About this task – Print the data below exactly, but only the lines from the one containing "ncycles (compose (theta1 n (reversal" down to the one containing "- have [->|ne_kn]", inclusive.

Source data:

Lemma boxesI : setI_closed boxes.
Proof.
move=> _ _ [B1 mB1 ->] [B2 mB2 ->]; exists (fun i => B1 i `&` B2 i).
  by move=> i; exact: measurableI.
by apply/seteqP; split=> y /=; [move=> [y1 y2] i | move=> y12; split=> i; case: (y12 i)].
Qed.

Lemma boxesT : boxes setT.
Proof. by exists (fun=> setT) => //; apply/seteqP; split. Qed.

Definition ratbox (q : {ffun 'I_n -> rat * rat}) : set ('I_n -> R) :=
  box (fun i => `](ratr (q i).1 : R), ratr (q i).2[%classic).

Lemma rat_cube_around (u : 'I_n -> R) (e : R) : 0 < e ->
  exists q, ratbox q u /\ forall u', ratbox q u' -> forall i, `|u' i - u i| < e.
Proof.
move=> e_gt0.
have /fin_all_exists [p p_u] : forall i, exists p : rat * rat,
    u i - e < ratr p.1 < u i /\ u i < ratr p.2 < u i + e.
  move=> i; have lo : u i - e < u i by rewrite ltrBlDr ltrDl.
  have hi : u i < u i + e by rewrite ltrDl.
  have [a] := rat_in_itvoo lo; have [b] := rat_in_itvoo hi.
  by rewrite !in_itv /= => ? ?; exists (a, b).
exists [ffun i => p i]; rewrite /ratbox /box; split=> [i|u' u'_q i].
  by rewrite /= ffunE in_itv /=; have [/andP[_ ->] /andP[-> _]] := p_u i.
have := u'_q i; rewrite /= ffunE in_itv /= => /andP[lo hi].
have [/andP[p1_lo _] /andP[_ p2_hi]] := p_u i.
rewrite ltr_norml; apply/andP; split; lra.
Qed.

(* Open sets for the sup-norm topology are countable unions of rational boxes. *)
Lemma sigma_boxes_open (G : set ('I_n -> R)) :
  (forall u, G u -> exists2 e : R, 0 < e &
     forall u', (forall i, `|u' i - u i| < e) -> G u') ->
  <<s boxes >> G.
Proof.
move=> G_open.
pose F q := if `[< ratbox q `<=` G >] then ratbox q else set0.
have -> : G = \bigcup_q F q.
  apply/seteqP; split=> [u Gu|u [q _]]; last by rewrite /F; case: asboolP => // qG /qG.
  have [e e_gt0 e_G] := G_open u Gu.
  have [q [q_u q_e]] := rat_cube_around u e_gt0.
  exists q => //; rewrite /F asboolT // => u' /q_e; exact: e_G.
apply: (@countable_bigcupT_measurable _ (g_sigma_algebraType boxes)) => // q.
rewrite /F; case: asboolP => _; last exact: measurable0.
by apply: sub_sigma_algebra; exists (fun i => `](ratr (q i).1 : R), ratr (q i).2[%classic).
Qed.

--

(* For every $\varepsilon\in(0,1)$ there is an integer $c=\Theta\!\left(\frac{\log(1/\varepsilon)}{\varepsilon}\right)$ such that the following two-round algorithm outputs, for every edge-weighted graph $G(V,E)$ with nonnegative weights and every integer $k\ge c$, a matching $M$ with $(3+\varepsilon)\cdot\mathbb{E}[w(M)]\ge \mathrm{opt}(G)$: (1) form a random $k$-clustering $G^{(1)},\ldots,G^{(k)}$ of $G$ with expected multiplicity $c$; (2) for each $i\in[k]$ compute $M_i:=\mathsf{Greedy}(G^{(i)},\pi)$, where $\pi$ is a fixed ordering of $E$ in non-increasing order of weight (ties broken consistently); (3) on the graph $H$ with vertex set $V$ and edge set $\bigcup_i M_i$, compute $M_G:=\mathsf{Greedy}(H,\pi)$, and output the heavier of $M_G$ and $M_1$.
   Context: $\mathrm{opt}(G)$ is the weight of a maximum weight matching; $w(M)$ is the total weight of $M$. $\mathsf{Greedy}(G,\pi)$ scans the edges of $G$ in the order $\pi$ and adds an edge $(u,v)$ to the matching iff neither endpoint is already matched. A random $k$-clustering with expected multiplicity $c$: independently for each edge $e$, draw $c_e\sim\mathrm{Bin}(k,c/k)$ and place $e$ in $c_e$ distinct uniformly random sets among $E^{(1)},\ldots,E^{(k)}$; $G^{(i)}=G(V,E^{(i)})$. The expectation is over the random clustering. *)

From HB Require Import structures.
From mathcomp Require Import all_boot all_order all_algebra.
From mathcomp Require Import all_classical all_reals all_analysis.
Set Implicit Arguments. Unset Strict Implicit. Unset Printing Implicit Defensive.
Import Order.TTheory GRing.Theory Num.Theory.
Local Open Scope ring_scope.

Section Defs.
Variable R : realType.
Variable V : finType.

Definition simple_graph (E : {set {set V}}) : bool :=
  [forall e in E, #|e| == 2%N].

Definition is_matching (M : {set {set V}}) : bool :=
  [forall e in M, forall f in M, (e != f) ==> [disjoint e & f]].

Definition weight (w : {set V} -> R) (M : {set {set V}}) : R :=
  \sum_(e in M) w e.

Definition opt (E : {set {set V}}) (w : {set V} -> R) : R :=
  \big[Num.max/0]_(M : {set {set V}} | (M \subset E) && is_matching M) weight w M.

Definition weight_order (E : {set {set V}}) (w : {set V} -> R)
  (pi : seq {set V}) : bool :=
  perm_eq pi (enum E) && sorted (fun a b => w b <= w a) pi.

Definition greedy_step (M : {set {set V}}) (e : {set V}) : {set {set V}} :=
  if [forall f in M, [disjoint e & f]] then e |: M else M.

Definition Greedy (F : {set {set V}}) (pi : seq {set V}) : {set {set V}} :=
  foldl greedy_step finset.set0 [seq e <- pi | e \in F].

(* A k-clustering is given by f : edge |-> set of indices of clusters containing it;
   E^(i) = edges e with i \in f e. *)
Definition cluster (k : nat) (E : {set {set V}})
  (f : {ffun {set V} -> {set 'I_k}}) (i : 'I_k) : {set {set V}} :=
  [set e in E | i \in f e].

...

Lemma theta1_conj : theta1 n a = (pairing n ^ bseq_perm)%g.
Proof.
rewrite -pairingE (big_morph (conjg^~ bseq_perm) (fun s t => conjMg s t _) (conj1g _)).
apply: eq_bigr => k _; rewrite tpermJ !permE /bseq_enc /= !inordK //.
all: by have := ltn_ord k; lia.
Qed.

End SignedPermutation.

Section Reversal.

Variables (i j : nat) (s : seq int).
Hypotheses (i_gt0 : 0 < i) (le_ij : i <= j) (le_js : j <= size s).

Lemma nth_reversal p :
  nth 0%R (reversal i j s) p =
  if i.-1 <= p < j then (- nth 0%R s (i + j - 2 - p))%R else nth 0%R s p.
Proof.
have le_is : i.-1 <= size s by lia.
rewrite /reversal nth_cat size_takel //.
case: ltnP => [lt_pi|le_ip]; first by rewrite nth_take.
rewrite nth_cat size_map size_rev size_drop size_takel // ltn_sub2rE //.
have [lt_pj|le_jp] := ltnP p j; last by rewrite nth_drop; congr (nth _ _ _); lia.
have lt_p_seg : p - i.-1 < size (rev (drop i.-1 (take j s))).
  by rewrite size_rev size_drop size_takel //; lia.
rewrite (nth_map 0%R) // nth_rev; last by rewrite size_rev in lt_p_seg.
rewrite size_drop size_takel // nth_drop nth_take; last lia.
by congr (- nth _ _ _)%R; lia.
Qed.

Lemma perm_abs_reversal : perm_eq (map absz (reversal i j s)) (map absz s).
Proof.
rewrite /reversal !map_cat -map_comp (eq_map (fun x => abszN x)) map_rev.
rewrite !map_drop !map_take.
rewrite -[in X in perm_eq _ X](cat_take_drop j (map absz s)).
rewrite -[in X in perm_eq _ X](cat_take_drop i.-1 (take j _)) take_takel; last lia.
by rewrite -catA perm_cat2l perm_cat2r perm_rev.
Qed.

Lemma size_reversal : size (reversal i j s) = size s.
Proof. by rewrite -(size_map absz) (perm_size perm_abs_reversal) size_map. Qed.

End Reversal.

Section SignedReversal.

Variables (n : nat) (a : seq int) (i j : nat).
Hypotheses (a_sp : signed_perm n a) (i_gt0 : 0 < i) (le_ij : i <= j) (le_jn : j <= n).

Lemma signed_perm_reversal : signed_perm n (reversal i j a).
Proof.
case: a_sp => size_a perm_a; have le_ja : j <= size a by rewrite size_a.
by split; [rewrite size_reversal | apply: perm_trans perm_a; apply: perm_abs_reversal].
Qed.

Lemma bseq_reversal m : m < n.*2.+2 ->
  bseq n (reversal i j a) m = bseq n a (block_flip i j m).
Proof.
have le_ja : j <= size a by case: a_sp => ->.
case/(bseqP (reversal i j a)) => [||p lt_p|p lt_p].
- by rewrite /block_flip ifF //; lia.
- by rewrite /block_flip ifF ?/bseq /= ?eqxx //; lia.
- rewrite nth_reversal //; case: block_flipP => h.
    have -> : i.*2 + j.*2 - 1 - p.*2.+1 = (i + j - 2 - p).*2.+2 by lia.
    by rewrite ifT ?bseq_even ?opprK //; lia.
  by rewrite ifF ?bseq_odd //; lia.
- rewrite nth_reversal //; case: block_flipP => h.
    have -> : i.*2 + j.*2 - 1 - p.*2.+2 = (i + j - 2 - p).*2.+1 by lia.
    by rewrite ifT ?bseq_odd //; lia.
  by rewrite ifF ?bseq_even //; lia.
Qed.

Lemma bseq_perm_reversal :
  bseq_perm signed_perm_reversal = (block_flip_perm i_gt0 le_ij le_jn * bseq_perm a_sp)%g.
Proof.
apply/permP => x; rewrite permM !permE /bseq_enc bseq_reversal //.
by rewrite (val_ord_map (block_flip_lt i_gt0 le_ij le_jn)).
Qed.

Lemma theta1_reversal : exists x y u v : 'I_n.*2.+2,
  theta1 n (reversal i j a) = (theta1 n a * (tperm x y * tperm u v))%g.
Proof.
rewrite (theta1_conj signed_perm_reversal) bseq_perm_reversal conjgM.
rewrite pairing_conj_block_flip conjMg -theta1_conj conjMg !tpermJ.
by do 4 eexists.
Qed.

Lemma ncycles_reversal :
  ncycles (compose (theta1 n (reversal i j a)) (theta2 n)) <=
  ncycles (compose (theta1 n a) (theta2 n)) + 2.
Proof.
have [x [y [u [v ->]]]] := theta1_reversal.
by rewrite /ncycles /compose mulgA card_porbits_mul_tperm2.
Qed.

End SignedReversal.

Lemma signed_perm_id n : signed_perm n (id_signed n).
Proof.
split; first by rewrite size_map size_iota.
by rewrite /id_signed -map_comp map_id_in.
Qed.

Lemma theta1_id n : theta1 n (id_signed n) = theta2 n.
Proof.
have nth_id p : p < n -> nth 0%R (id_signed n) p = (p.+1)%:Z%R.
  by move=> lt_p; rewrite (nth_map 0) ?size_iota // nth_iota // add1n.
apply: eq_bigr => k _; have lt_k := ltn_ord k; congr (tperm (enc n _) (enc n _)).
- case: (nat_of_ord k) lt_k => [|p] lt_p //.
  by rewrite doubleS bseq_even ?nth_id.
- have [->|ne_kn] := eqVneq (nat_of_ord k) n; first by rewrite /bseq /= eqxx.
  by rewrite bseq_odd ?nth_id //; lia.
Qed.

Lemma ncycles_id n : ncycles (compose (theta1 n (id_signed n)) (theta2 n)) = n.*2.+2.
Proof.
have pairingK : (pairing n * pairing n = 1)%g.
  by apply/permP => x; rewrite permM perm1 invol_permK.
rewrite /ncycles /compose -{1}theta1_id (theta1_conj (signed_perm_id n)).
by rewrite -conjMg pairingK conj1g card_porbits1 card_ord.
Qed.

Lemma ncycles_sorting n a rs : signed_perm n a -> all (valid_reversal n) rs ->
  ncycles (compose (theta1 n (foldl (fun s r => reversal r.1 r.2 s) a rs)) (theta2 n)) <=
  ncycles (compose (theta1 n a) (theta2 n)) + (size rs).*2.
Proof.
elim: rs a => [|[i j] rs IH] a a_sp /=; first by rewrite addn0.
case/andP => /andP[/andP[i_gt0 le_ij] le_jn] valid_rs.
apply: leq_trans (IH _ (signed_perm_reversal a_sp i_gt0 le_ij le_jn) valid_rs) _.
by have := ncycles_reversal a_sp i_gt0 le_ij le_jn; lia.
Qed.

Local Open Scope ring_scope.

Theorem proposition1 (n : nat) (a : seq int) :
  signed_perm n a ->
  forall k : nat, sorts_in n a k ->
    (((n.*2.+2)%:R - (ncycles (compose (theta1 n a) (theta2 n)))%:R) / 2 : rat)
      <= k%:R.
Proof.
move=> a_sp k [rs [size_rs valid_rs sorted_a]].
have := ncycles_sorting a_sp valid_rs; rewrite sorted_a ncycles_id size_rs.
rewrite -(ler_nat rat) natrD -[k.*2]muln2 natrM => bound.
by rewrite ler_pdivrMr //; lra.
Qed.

Answer box –
  ncycles (compose (theta1 n (reversal i j a)) (theta2 n)) <=
  ncycles (compose (theta1 n a) (theta2 n)) + 2.
Proof.
have [x [y [u [v ->]]]] := theta1_reversal.
by rewrite /ncycles /compose mulgA card_porbits_mul_tperm2.
Qed.

End SignedReversal.

Lemma signed_perm_id n : signed_perm n (id_signed n).
Proof.
split; first by rewrite size_map size_iota.
by rewrite /id_signed -map_comp map_id_in.
Qed.

Lemma theta1_id n : theta1 n (id_signed n) = theta2 n.
Proof.
have nth_id p : p < n -> nth 0%R (id_signed n) p = (p.+1)%:Z%R.
  by move=> lt_p; rewrite (nth_map 0) ?size_iota // nth_iota // add1n.
apply: eq_bigr => k _; have lt_k := ltn_ord k; congr (tperm (enc n _) (enc n _)).
- case: (nat_of_ord k) lt_k => [|p] lt_p //.
  by rewrite doubleS bseq_even ?nth_id.
- have [->|ne_kn] := eqVneq (nat_of_ord k) n; first by rewrite /bseq /= eqxx.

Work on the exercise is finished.